Data excerpts:
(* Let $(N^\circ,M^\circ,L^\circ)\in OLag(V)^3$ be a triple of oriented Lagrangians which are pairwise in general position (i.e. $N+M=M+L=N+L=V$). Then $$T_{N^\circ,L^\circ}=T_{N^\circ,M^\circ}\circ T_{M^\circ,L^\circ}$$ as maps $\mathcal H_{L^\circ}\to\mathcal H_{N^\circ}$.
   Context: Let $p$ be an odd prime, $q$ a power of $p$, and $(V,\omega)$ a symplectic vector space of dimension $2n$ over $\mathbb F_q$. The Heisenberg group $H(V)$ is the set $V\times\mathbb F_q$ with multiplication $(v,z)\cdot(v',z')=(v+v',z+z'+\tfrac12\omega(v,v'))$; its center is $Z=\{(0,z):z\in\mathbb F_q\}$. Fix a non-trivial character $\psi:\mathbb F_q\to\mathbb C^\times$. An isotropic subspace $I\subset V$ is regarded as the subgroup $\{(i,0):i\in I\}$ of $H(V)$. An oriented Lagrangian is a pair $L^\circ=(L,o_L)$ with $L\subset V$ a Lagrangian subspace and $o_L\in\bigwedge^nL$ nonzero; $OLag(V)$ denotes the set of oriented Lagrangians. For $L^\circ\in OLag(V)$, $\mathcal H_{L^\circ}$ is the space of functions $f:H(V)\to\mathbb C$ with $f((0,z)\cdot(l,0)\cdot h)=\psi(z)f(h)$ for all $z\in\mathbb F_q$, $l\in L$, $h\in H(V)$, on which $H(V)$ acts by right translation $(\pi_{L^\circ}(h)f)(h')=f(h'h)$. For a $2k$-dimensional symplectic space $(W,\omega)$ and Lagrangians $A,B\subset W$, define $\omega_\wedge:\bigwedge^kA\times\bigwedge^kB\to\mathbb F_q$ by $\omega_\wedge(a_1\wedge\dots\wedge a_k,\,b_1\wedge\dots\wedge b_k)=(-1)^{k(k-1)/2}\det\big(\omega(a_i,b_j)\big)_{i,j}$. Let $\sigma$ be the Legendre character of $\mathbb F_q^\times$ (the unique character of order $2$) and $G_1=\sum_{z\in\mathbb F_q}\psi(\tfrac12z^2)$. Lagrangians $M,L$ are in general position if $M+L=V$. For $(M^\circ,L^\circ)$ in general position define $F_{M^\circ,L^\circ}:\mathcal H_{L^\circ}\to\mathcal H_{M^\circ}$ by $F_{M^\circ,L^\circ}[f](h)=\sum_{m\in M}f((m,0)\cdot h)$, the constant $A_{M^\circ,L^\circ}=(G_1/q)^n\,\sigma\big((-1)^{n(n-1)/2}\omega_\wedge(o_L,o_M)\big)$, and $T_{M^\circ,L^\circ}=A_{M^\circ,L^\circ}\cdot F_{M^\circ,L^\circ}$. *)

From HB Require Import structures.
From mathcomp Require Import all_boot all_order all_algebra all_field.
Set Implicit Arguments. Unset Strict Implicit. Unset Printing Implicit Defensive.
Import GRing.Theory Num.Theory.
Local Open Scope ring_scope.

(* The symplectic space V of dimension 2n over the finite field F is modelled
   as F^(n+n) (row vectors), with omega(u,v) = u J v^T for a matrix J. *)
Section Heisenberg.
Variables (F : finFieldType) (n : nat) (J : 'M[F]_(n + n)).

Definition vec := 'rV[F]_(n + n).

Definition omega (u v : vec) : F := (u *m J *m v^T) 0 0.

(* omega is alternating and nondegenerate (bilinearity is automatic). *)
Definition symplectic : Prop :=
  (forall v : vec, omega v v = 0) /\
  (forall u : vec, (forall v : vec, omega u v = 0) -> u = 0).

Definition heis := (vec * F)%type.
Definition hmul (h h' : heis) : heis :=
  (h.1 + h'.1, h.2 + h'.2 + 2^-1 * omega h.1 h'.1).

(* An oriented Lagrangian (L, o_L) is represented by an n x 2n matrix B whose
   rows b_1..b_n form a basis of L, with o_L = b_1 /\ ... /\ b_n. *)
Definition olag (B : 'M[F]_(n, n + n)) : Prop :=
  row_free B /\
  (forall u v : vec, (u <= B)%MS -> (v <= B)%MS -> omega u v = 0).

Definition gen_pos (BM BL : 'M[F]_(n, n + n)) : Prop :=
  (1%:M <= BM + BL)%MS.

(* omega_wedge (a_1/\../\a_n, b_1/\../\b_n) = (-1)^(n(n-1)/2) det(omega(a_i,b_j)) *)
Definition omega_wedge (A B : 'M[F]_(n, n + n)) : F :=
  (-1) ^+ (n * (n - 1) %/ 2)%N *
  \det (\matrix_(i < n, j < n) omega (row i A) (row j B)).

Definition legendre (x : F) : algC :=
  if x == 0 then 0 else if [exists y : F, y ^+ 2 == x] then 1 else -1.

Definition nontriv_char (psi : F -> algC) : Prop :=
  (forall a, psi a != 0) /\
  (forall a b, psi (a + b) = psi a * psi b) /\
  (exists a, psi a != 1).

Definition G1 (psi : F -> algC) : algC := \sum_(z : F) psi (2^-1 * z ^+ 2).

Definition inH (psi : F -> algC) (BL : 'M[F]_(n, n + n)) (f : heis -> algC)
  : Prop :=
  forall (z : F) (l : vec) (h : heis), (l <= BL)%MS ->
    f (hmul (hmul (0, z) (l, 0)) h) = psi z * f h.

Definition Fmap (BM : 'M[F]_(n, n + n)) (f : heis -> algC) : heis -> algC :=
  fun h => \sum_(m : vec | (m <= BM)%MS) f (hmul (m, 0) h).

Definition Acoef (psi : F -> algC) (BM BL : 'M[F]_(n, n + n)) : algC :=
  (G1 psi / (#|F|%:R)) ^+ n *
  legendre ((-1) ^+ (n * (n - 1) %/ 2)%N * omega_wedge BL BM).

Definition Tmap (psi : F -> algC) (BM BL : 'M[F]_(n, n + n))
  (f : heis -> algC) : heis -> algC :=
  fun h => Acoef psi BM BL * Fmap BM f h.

Description of the task: From the records above, copy every line that includes the word "Import".

Task result:
From HB Require Import structures.
From mathcomp Require Import all_boot all_order all_algebra all_field.
Import GRing.Theory Num.Theory.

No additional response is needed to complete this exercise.